На домашней химии у многих разные условия. Не знаю, от чего это зависит — то ли от статьи, то ли от ситуации. Меня попросили ежемесячно приносить график с работы, чтобы в инспекции могли меня через это контролировать, все время, кроме рабочего я должна была находиться дома. Если мои выходные совпадали с буднями, мне давали дополнительно два свободных часа в день, чтобы посетить магазин или сделать что-то личное.

«НН»: Было ли трудно найти работу?

МБ: Да. В Беларуси с этим и так все печально, а когда люди слышат о вещах вроде судимости, у них еще меньше желания с тобой сотрудничать. Мне говорили: мол, мы все понимаем, но просто не хотим проблем. Отвечала им: ну и ладно. Но рада, что в итоге удалось найти работу, потому что постоянно сидеть дома было бы очень тяжело. Хотя это и родные стены, ты все равно будто бы в тюрьме. Ты не знаешь, когда к тебе придут с проверкой.

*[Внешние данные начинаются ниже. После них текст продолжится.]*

(* polynomial bounds c * n^k + c (every polynomial is dominated by one) *)
Definition pbound (c k n : nat) : nat := (c * n ^ k + c)%N.

Definition poly_size (C : nat -> circuit) : Prop :=
  exists c k, forall n, (csize (C n) <= pbound c k n)%N.

Definition poly_computable (m : nat -> nat)
    (f : forall n, n.-tuple bool -> (m n).-tuple bool) : Prop :=
  exists C : nat -> circuit, poly_size C /\
    forall n (x : n.-tuple bool), eval (C n) x = tval (f n x).

Definition pred_poly_computable (b : forall n, n.-tuple bool -> bool) : Prop :=
  exists C : nat -> circuit, poly_size C /\
    forall n (x : n.-tuple bool), eval (C n) x = [:: b n x].

(* the circuit of index n reads its input followed by a witness of length
   ndw n *)
Record ndfam : Type := NDFam { ndc : nat -> circuit; ndw : nat -> nat }.

Definition nd_poly (A : ndfam) : Prop :=
  exists c k, forall n, (csize (ndc A n) + ndw A n <= pbound c k n)%N.

Definition nd_out (A : ndfam) (n : nat) (y : seq bool) : bool :=
  [exists u : (ndw A n).-tuple bool, out1 (ndc A n) (y ++ tval u)].

Definition co_out (A : ndfam) (n : nat) (y : seq bool) : bool :=
  [forall u : (ndw A n).-tuple bool, out1 (ndc A n) (y ++ tval u)].

Definition prob (n : nat) (P : n.-tuple bool -> bool) : rat :=
  (#|[set x : n.-tuple bool | P x]|%:R / (2 ^ n)%:R)%R.
Arguments prob n P : clear implicits.

Definition super_bit (g : forall n, n.-tuple bool -> (n.+1).-tuple bool) : Prop :=
  poly_computable (m := S) g /\
  forall D : ndfam, nd_poly D ->
  forall c k : nat, (0 < c)%N ->
  exists N : nat, forall n : nat, (N <= n)%N ->
    (prob (n.+1) (fun y => nd_out D n (tval y))
     - prob n (fun x => nd_out D n (tval (g n x))) < 1 / (pbound c k n)%:R)%R.

Definition super_core (m : nat -> nat)
    (f : forall n, n.-tuple bool -> (m n).-tuple bool)
    (b : forall n, n.-tuple bool -> bool) : Prop :=
  pred_poly_computable b /\
  ~ (exists (A1 A2 : ndfam) (c k : nat),
       nd_poly A1 /\ nd_poly A2 /\ (0 < c)%N /\
       forall N : nat, exists2 n : nat, (N <= n)%N &
         ((prob n (fun x => ~~ nd_out A1 n (tval (f n x)) && ~~ b n x)
           + 1 / 2 * prob (m n) (fun y => nd_out A1 n (tval y))
           >= 1 / 2 + 1 / (pbound c k n)%:R)%R
          \/
          (prob n (fun x => co_out A2 n (tval (f n x)) && b n x)
           + 1 / 2 * prob (m n) (fun y => ~~ co_out A2 n (tval y))
           >= 1 / 2 + 1 / (pbound c k n)%:R)%R)).

From mathcomp Require Import all_boot all_algebra.
From mathcomp Require Import zify ring lra order.
From Stdlib Require Import Classical.
Set Implicit Arguments. Unset Strict Implicit. Unset Printing Implicit Defensive.
Import Order.TTheory GRing.Theory Num.Theory.

(* (<=) If g is a super-bit, split g(x) = f(x) ++ [b(x)]: then b is a
   super-core of f.  An adversary pair (A1, A2) for (f, b) yields, on each
   length where A1 (resp. A2) succeeds, the nondeterministic distinguisher
   D(z, r) = A1(z) || r (resp. D(z, r) = ~A2(z) || ~r), whose advantage
   against g is exactly the adversary's excess over 1/2.
   (=>) If b is a super-core of f with m(n) >= n, the generator
   g(x) = take n (f x) ++ [b x] is a super-bit.  A distinguisher D with
   advantage e yields A1(y) = D(take n y, 0) (nondeterministic) and
   A2(y) = ~D(take n y, 1) (co-nondeterministic) whose two scores sum to
   1 + e, so one of them exceeds 1/2 + e/2.
   Both directions rest on one identity, [advantage_score]. *)

Definition step (w : seq bool) (g : gate) : seq bool := rcons w (eval_gate w g).

Definition run (gs : seq gate) (x : seq bool) : seq bool := foldl step x gs.

Lemma wiresE C x : wires C x = run (gates C) x.
Proof. by []. Qed.

Lemma run_cat gs1 gs2 x : run (gs1 ++ gs2) x = run gs2 (run gs1 x).
Proof. exact: foldl_cat. Qed.

Lemma size_run gs x : size (run gs x) = size x + size gs.
Proof.
elim: gs x => [|g gs IH] x /=; first by rewrite addn0.
by rewrite IH size_rcons addSnnS.
Qed.

Lemma size_wires C x : size (wires C x) = size x + size (gates C).
Proof. exact: size_run. Qed.

Lemma run_prefix gs x : take (size x) (run gs x) = x.
Proof.
elim: gs x => [|g gs IH] x /=; first by rewrite take_size.
have := IH (step x g); rewrite /step size_rcons => hIH.
by rewrite -(take_takel _ (leqnSn (size x))) hIH -cats1 take_size_cat.
Qed.

Lemma nth_cat_size (x w : seq bool) i : nth false (x ++ w) (size x + i) = nth false w i.
Proof. by rewrite nth_cat ltnNge leq_addr addKn. Qed.

Inductive src := SVar of nat | SConst of bool.

Definition srcval (x : seq bool) (e : src) : bool :=
  match e with SVar i => nth false x i | SConst b => b end.

(* A gate copying a source; [K] is a wire index beyond every wire read so far,
   which evaluates to [false] and provides the constants. *)
Definition copy_gate (L K : nat) (e : src) : gate :=
  match e with
  | SVar i => if i < L then GAnd i i else GAnd K K
  | SConst b => if b then GNot K else GAnd K K
  end.

Lemma run_copy (w : seq bool) K sg : size w + size sg <= K ->
  run (map (copy_gate (size w) K) sg) w = w ++ map (srcval w) sg.
Proof.
suff gen v : size w + size v + size sg <= K ->
    run (map (copy_gate (size w) K) sg) (w ++ v) = w ++ v ++ map (srcval w) sg.
  by move=> hK; have := gen [::]; rewrite cats0 addn0; apply.
elim: sg v => [|e sg IH] v hK /=; first by rewrite cats0.
have high : nth false (w ++ v) K = false by rewrite nth_default // size_cat; lia.
have -> : step (w ++ v) (copy_gate (size w) K e) = w ++ rcons v (srcval w e).
  rewrite /step rcons_cat; congr (_ ++ rcons _ _).
  case: {hK} e => [i|[]] /=; rewrite ?high //.
  case: ifP => hi /=; first by rewrite nth_cat hi andbb.
  by rewrite high nth_default // leqNgt hi.
rewrite IH; first by rewrite cat_rcons.
by rewrite size_rcons; move: hK; rewrite /=; lia.
Qed.

Definition shift_gate (s : nat) (g : gate) : gate :=
  match g with
  | GAnd i j => GAnd (s + i) (s + j)
  | GOr i j => GOr (s + i) (s + j)
  | GNot i => GNot (s + i)
  end.

Lemma run_shift (w v : seq bool) gs :
  run (map (shift_gate (size w)) gs) (w ++ v) = w ++ run gs v.
Proof.
elim: gs v => [|g gs IH] v //=.
have -> : step (w ++ v) (shift_gate (size w) g) = w ++ step v g.
  by rewrite /step rcons_cat; case: g => * /=; rewrite !nth_cat_size.
exact: IH.
Qed.

(* [rewire L keep sg C]: on an input of length [L], output the sources [keep]
   followed by the outputs of [C] run on the sources [sg]. *)
Definition rewire (L : nat) (keep sg : seq src) (C : circuit) : circuit :=
  let s := L + size keep in
  Circuit (map (copy_gate L (s + size sg)) (keep ++ sg) ++ map (shift_gate s) (gates C))
          (iota L (size keep) ++ map (addn s) (outs C)).

Lemma wires_rewire L keep sg C (x : seq bool) : size x = L ->
  wires (rewire L keep sg C) x =
  x ++ map (srcval x) keep ++ wires C (map (srcval x) sg).
Proof.
move=> <-; rewrite wiresE run_cat run_copy; last by rewrite size_cat addnA.
have -> : size x + size keep = size (x ++ map (srcval x) keep) by rewrite size_cat size_map.
by rewrite map_cat catA run_shift -catA.
Qed.

Lemma eval_rewire L keep sg C (x : seq bool) : size x = L ->
  eval (rewire L keep sg C) x = map (srcval x) keep ++ eval C (map (srcval x) sg).
Proof.
move=> hx; rewrite /eval (wires_rewire _ _ _ hx) /= map_cat; congr (_ ++ _).
  rewrite map_nth_iota; last by rewrite !size_cat size_map hx; lia.
  by rewrite -hx drop_size_cat // take_size_cat ?size_map.
rewrite -map_comp; apply: eq_map => o /=.
by rewrite -hx -(size_map (srcval x) keep) -size_cat catA nth_cat_size.
Qed.

Definition glue (C1 C2 : circuit) : circuit := Circuit (gates C1 ++ gates C2) (outs C2).

Lemma eval_glue C1 C2 x : eval (glue C1 C2) x = eval C2 (wires C1 x).
Proof. by rewrite /eval !wiresE /= run_cat. Qed.

Lemma srcval_outs C x : map (srcval (wires C x)) (map SVar (outs C)) = eval C x.
Proof. by rewrite -map_comp. Qed.

Definition seqc (L : nat) (C1 C2 : circuit) : circuit :=
  glue C1 (rewire (L + size (gates C1)) [::] (map SVar (outs C1)) C2).

Lemma eval_seqc L C1 C2 x : size x = L -> eval (seqc L C1 C2) x = eval C2 (eval C1 x).
Proof.
move=> hx; rewrite eval_glue eval_rewire ?size_wires ?hx //.
by rewrite srcval_outs.
Qed.

Definition parc (L : nat) (C1 C2 : circuit) : circuit :=
  glue C1 (rewire (L + size (gates C1)) (map SVar (outs C1)) (map SVar (iota 0 L)) C2).

Lemma eval_parc L C1 C2 x : size x = L -> eval (parc L C1 C2) x = eval C1 x ++ eval C2 x.
Proof.
move=> hx; rewrite eval_glue eval_rewire ?size_wires ?hx // srcval_outs; congr (_ ++ eval _ _).
rewrite -map_comp map_nth_iota0; last by rewrite size_wires; lia.
by rewrite -hx run_prefix.
Qed.

Definition proj (i : nat) : circuit := Circuit [::] [:: i].

Lemma eval_proj i v : eval (proj i) v = [:: nth false v i].
Proof. by []. Qed.

Definition first_out (L : nat) (C : circuit) : circuit := seqc L C (proj 0).

Lemma eval_first_out L C x : size x = L -> eval (first_out L C) x = [:: out1 C x].
Proof. by move=> hx; rewrite eval_seqc. Qed.

Lemma eval_take_outs n C x :
  eval (Circuit (gates C) (take n (outs C))) x = take n (eval C x).
Proof. by rewrite /eval map_take. Qed.

Lemma eval_drop_outs n C x :
  eval (Circuit (gates C) (drop n (outs C))) x = drop n (eval C x).
Proof. by rewrite /eval map_drop. Qed.

Lemma csize_rewire L keep sg C :
  csize (rewire L keep sg C) = 2 * size keep + size sg + csize C.
Proof. rewrite /csize /= !size_cat !size_map size_cat size_iota; lia. Qed.

Lemma csize_glue C1 C2 : csize (glue C1 C2) = size (gates C1) + csize C2.
Proof. rewrite /csize /= size_cat; lia. Qed.

Lemma csize_seqc L C1 C2 : csize (seqc L C1 C2) = csize C1 + csize C2.
Proof. rewrite csize_glue csize_rewire /= size_map /csize; lia. Qed.

Lemma csize_parc L C1 C2 : csize (parc L C1 C2) <= 2 * csize C1 + L + csize C2.
Proof. rewrite csize_glue csize_rewire !size_map size_iota /csize; lia. Qed.

Lemma csize_first_out L C : csize (first_out L C) = csize C + 1.
Proof. by rewrite csize_seqc. Qed.

Definition xor_gate (t : bool) (i : nat) : gate := if t then GNot i else GAnd i i.

Lemma eval_xor_gate t w i : eval_gate w (xor_gate t i) = nth false w i (+) t.
Proof. by case: t => /=; rewrite ?andbb ?addbT ?addbF. Qed.

Lemma srcval_iota (x : seq bool) i k : i + k <= size x ->
  map (srcval x) (map SVar (iota i k)) = take k (drop i x).
Proof. by move=> h; rewrite -map_comp map_nth_iota //; lia. Qed.

(* On [rcons z r ++ u] (|z| = n, |u| = w) computes [(C(z ++ u) (+) t) || (r (+) t)]. *)
Definition or_last_circ (n w : nat) (t : bool) (C : circuit) : circuit :=
  let L := n.+1 + w in
  seqc L (parc L (rewire L [::] (map SVar (iota 0 n ++ iota n.+1 w)) (first_out (n + w) C))
                 (proj n))
       (Circuit [:: xor_gate t 0; xor_gate t 1; GOr 2 3] [:: 4]).

Lemma out1_or_last n w t C (z u : seq bool) r : size z = n -> size u = w ->
  out1 (or_last_circ n w t C) (rcons z r ++ u) = (out1 C (z ++ u) (+) t) || (r (+) t).
Proof.
move=> hz hu; have hx : size (rcons z r ++ u) = n.+1 + w by rewrite size_cat size_rcons hz hu.
have sel : map (srcval (rcons z r ++ u)) (map SVar (iota 0 n ++ iota n.+1 w)) = z ++ u.
  rewrite map_cat map_cat !srcval_iota ?hx; try lia.
  rewrite drop0 cat_rcons -hz take_size_cat // -cat_rcons -(size_rcons z r).
  by rewrite drop_size_cat // -hu take_size.
have last_bit : nth false (rcons z r ++ u) n = r by rewrite cat_rcons nth_cat hz ltnn subnn.
rewrite /out1 eval_seqc // eval_parc // eval_rewire // sel eval_first_out ?size_cat ?hz ?hu //.
by rewrite eval_proj last_bit /eval /= !eval_xor_gate.
Qed.

(* On [y ++ u] (|y| = m, |u| = w) computes [C(rcons (take n y) r ++ u) (+) t]. *)
Definition restrict_circ (n m w : nat) (r t : bool) (C : circuit) : circuit :=
  let L := m + w in
  seqc L (rewire L [::] (map SVar (iota 0 n) ++ SConst r :: map SVar (iota m w))
                 (first_out (n.+1 + w) C))
       (Circuit [:: xor_gate t 0] [:: 1]).

Lemma out1_restrict n m w r t C (y u : seq bool) : n <= m -> size y = m -> size u = w ->
  out1 (restrict_circ n m w r t C) (y ++ u) = out1 C (rcons (take n y) r ++ u) (+) t.
Proof.
move=> hnm hy hu; have hx : size (y ++ u) = m + w by rewrite size_cat hy hu.
have sel : map (srcval (y ++ u)) (map SVar (iota 0 n) ++ SConst r :: map SVar (iota m w))
           = rcons (take n y) r ++ u.
  rewrite map_cat /= !srcval_iota ?hx; try lia.
  rewrite drop0 takel_cat ?hy // -hy drop_size_cat // -hu take_size.
  by rewrite cat_rcons.
have hsz : size (rcons (take n y) r ++ u) = n.+1 + w.
  by rewrite size_cat size_rcons size_takel ?hy ?hu.
rewrite /out1 eval_seqc // eval_rewire // sel eval_first_out //.
by rewrite /eval /= eval_xor_gate.
Qed.

Lemma csize_or_last n w t C : csize (or_last_circ n w t C) <= 3 * n + 3 * (csize C + w) + 8.
Proof.
rewrite csize_seqc; have := csize_parc (n.+1 + w)
  (rewire (n.+1 + w) [::] (map SVar (iota 0 n ++ iota n.+1 w)) (first_out (n + w) C)) (proj n).
rewrite csize_rewire csize_first_out size_map size_cat !size_iota /csize /=; lia.
Qed.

«НН»: Вас действительно проверяли?

МБ: Да, иногда приходили, хотя и не слишком часто. К тому же, мне нужно было каждый понедельник ездить в инспекцию и отмечаться, в выходные и праздники совсем нельзя было выходить из дома.

Где-то с апреля по конец сентября я была на домашней химии, потом органы начали регистрировать за мной какие-то «нарушения». Это были совсем мелочи: мол, сидела возле подъезда. Однажды была одна дома и мне нужно было срочно выйти в магазин, который был как раз возле моего подъезда. Вышла из дома минуты на три — и получила нарушение.

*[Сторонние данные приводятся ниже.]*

(* Let I be the ideal of Z[x] generated by prim(G) and D = den(G).

   If p does not divide D: for a non-zero f in I, an element g of G with
   LT(g) | LT(f), made primitive and shifted, lies in I and its leading
   coefficient divides D; a Bezout combination with f gives an element of I
   with leading term LT(f) whose leading coefficient e divides both D and
   LC(f).  For each divisor e of D, Dickson's lemma yields finitely many such
   elements covering all their leading terms; the divisibility-minimal ones
   form a minimal strong Groebner basis of I with leading coefficients
   dividing D, hence prime to p.

   Conversely, let a minimal strong basis have leading coefficients prime to
   p, and suppose p | D.  Take g in G, sigma-minimal with a coefficient that
   is not p-integral.  The basis element b whose leading monomial divides that
   of prim(g), shifted to leading term LT(g) and divided by LC(b), is an
   h in <F> with p-integral coefficients, LT(h) = LT(g) and LC(h) = 1.
   Reducing h - g modulo the monic, p-integral elements of G below g never
   creates a denominator divisible by p, and leaves its G-normal part
   X^LT(g) - g untouched because G is reduced; so g is p-integral after all. *)

From HB Require Import structures.
From mathcomp Require Import all_boot all_order all_algebra.
From mathcomp Require Import mpoly.
From Stdlib Require Import Classical ClassicalEpsilon.

Set Implicit Arguments.
Unset Strict Implicit.
Unset Printing Implicit Defensive.
Import Order.TTheory GRing.Theory Num.Theory.

Lemma nat_seq_min_after (c : nat -> nat) j :
  exists k, j < k /\ forall k', j < k' -> c k <= c k'.
Proof.
suff: forall v k, j < k -> c k <= v ->
    exists k, j < k /\ forall k', j < k' -> c k <= c k'.
  by apply=> //; apply: ltnSn.
elim=> [|v IH] k jk ck.
  by exists k; split=> // k' _; move: ck; rewrite leqn0 => /eqP->.
case: (classic (exists k', j < k' /\ c k' < c k)) => [[k' [jk' lt]]|nok].
  by apply: (IH k') => //; rewrite -ltnS (leq_trans lt ck).
exists k; split=> // k' jk'; rewrite leqNgt; apply/negP=> lt; apply: nok.
by exists k'.
Qed.

Lemma nat_seq_nondecreasing_subseq (c : nat -> nat) : exists phi : nat -> nat,
  {homo phi : i j / i < j} /\ {homo c \o phi : i j / i <= j}.
Proof.
have [next Hnext] := choice _ (nat_seq_min_after c).
exists (fun i => iter i.+1 next 0); split.
  apply: homo_ltn; first by move=> y x z; apply: ltn_trans.
  by move=> i; case: (Hnext (iter i.+1 next 0)).
apply: homo_leq => [|y x z|i /=]; [by []|exact: leq_trans|].
have [lt1 min1] := Hnext (iter i next 0); apply: min1.
by have [lt2 _] := Hnext (next (iter i next 0)); apply: ltn_trans lt2.
Qed.

Section Dickson.
Variable n : nat.

Lemma dickson_subseq (f : nat -> 'X_{1..n}) (s : seq 'I_n) :
  exists phi : nat -> nat, {homo phi : i j / i < j} /\
    {in s, forall c, {homo (fun i => f (phi i) c) : i j / i <= j}}.
Proof.
elim: s => [|c s [phi [phi_mono f_mono]]]; first by exists id; split=> // c.
have [psi [psi_mono fc_mono]] :=
  nat_seq_nondecreasing_subseq (fun i => f (phi i) c).
exists (phi \o psi); split=> [i j ij|]; first by apply/phi_mono/psi_mono.
move=> c'; rewrite inE => /predU1P[->|c's] i j ij; first exact: fc_mono.
by apply: (f_mono c' c's); apply: ltnW_homo.
Qed.

Lemma dickson (f : nat -> 'X_{1..n}) : exists i j, i < j /\ (f i <= f j)%MM.
Proof.
have [phi [phi_mono f_mono]] := dickson_subseq f (enum 'I_n).
exists (phi 0), (phi 1); split; first exact: phi_mono.
by apply/mnm_lepP=> c; apply: (f_mono c) => //; rewrite mem_enum.
Qed.

Lemma finite_basis (T : eqType) (P : T -> Prop) (lm : T -> 'X_{1..n}) :
  exists B : seq T, {in B, forall b, P b} /\
    forall x, P x -> exists2 b, b \in B & (lm b <= lm x)%MM.
Proof.
apply: NNPP => no_basis.
have new_elt (B : seq T) : exists x, {in B, forall b, P b} ->
    P x /\ {in B, forall b, ~~ (lm b <= lm x)%MM}.
  case: (classic {in B, forall b, P b}) => [BP|]; last first.
    by case: B => [|b B] nBP; [case: nBP | exists b].
  apply: NNPP => no_x; apply: no_basis; exists B; split=> // x Px.
  apply: NNPP => nb; apply: no_x; exists x => _; split=> // b bB.
  by apply/negP=> bx; apply: nb; exists b.
have [next Hnext] := choice _ new_elt.
pose L k := iter k (fun B => rcons B (next B)) [::].
have LP k : {in L k, forall b, P b}.
  elim: k => [|k IH] b //=; rewrite mem_rcons inE => /predU1P[->|]; last exact: IH.
  by case: (Hnext _ IH).
have L_grows i j : i < j -> next (L i) \in L j.
  elim: j => // j IH; rewrite ltnS leq_eqVlt => /predU1P[->|lt] /=;
    by rewrite mem_rcons inE ?eqxx ?IH ?orbT.
have [i [j [ij le]]] := dickson (fun k => lm (next (L k))).
by case: (Hnext _ (LP j)) => _ /(_ _ (L_grows _ _ ij)); rewrite le.
Qed.

End Dickson.

Lemma wf_no_descending_chain (T : Type) (r : T -> T -> Prop) :
  (forall f : nat -> T, ~ forall k, r (f k.+1) (f k)) -> well_founded r.
Proof.
move=> no_chain x0; apply: NNPP => nacc0.
have step x : exists y, ~ Acc r x -> r y x /\ ~ Acc r y.
  case: (classic (Acc r x)) => [ax|nax]; first by exists x.
  apply: NNPP => no_y; apply: nax; constructor=> y ryx.
  by apply: NNPP => nacc; apply: no_y; exists y.
have [next Hnext] := choice _ step.
have nacc k : ~ Acc r (iter k next x0).
  by elim: k => // k IH; case: (Hnext _ IH).
by apply: (no_chain (fun k => iter k next x0)) => k; case: (Hnext _ (nacc k)).
Qed.

Lemma wf_min (T U : Type) (r : U -> U -> Prop) (lm : T -> U) (P : T -> Prop) :
  well_founded r -> (exists x, P x) ->
  exists x, P x /\ forall y, r (lm y) (lm x) -> ~ P y.
Proof.
move=> wf_r [x Px]; move: {2}(lm x) (erefl (lm x)) => u; move: x Px.
elim/(well_founded_ind wf_r): u => u IH x Px xu.
case: (classic (exists y, r (lm y) u /\ P y)) => [[y [ryu Py]]|no].
  exact: (IH _ ryu y Py).
by exists x; split=> // y; rewrite xu => ryu Py; apply: no; exists y.
Qed.

Lemma antichain_cover (T : eqType) (r : rel T) : reflexive r -> transitive r ->
  forall s : seq T, exists s', [/\ {subset s' <= s},
    {in s, forall x, exists2 y, y \in s' & r y x}, uniq s' &
    {in s' &, forall x y, x != y -> ~~ r x y}].
Proof.
move=> r_refl r_trans; elim=> [|x s [s' [sub cov us anti]]]; first by exists [::].
case: (boolP (has (r^~ x) s')) => [/hasP[y ys ryx]|nh].
  exists s'; split=> // [z /sub zs|z]; first by rewrite inE zs orbT.
  by rewrite inE => /predU1P[->|/cov]; first by exists y.
exists (x :: filter (predC (r x)) s'); split.
- move=> z; rewrite !inE mem_filter => /predU1P[->|/andP[_ /sub ->]];
    by rewrite ?eqxx ?orbT.
- move=> z; rewrite inE => /predU1P[->|/cov[y ys ryz]].
    by exists x; rewrite ?inE ?eqxx.
  case: (boolP (r x y)) => rxy.
    by exists x; [rewrite inE eqxx | apply: r_trans ryz].
  by exists y; rewrite // inE mem_filter /= rxy ys orbT.
- by rewrite /= filter_uniq // andbT mem_filter /= r_refl.
- move=> a b; rewrite !inE !mem_filter /=.
  case/predU1P=> [->|/andP[nxa aS]]; case/predU1P=> [->|/andP[nxb bS]] ab //.
  + by rewrite eqxx in ab.
  + by apply/negP => rax; move/hasP: nh; apply; exists a.
  + exact: anti.
Qed.

Section TermOrder.
Variable n : nat.
Variable sigma : rel 'X_{1..n}.
Hypothesis sigma_to : is_term_ordering sigma.

Lemma to_refl : reflexive sigma. Proof. by case: sigma_to => [[]]. Qed.
Lemma to_anti : antisymmetric sigma. Proof. by case: sigma_to => [[]]. Qed.
Lemma to_trans : transitive sigma. Proof. by case: sigma_to => [[]]. Qed.
Lemma to_total : total sigma. Proof. by case: sigma_to => [[]]. Qed.

Lemma to_addl u t1 t2 : sigma t1 t2 -> sigma (u + t1)%MM (u + t2)%MM.
Proof.
by case: sigma_to => _ [to_addr _]; rewrite ![(u + _)%MM]addmC; apply: to_addr.
Qed.

Lemma to_lem t1 t2 : (t1 <= t2)%MM -> sigma t1 t2.
Proof.
case: sigma_to => _ [_ to_ge0] le; rewrite -(submK le) -{1}(add0m t1).
by rewrite ![(_ + t1)%MM]addmC; apply: to_addl.
Qed.

Definition slt (a b : 'X_{1..n}) := (a != b) && sigma a b.

Lemma slt_le_trans a u t : sigma a u -> slt u t -> slt a t.
Proof.
move=> au /andP[ut st]; rewrite /slt (to_trans au st) andbT.
by apply: contraNneq ut => at_; apply/eqP/to_anti; rewrite st -at_.
Qed.

Lemma slt_trans a u t : slt a u -> slt u t -> slt a t.
Proof. by move=> /andP[_ au]; apply: slt_le_trans. Qed.

Lemma slt_wf : well_founded slt.
Proof.
apply: wf_no_descending_chain => f desc.
have chain i j : i <= j -> sigma (f j) (f i).
  elim: j => [|j IH]; first by rewrite leqn0 => /eqP->; apply: to_refl.
  rewrite leq_eqVlt => /predU1P[->|/IH ji]; first exact: to_refl.
  by apply: to_trans ji; case/andP: (desc j).
have [i [j [ij le]]] := dickson f.
case/andP: (desc i) => /eqP ne lt; apply: ne; apply: to_anti; rewrite lt /=.
exact: to_trans (to_lem le) (chain _ _ ij).
Qed.

Section Leading.
Variable R : idomainType.
Implicit Types f g : {mpoly R[n]}.
Local Open Scope ring_scope.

Три таких нарушения уже означают перевод в колонию. Я подумала — нельзя туда попадать, это потерянное время, и если ты там окажешься, то можешь выйти оттуда не слишком быстро. Если бы меня перевели в колонию, мне надо было бы пробыть там остаток срока, где-то 4,5 месяца, но в колонии могли бы придумать для меня что-то еще, так что я бы не вышла так быстро.

Поэтому решила, что надо уезжать из страны. Мне это предлагали еще в 2020 году, когда меня задерживали и потом отпускали под подписку. Но тогда считала, что до последнего буду в своей стране и сделаю все, что возможно. Теперь же, если бы меня перевели в колонию, я бы уже ничего не сделала полезного, поэтому рационально было уехать.

«НН»: Куда уехали?

МБ: В Украину. Сначала не думала, что надолго здесь останусь, но потом увидела, что здесь тоже есть наши, белорусы, что это хорошая страна. Мне нравится этот народ. До сих пор остаюсь здесь.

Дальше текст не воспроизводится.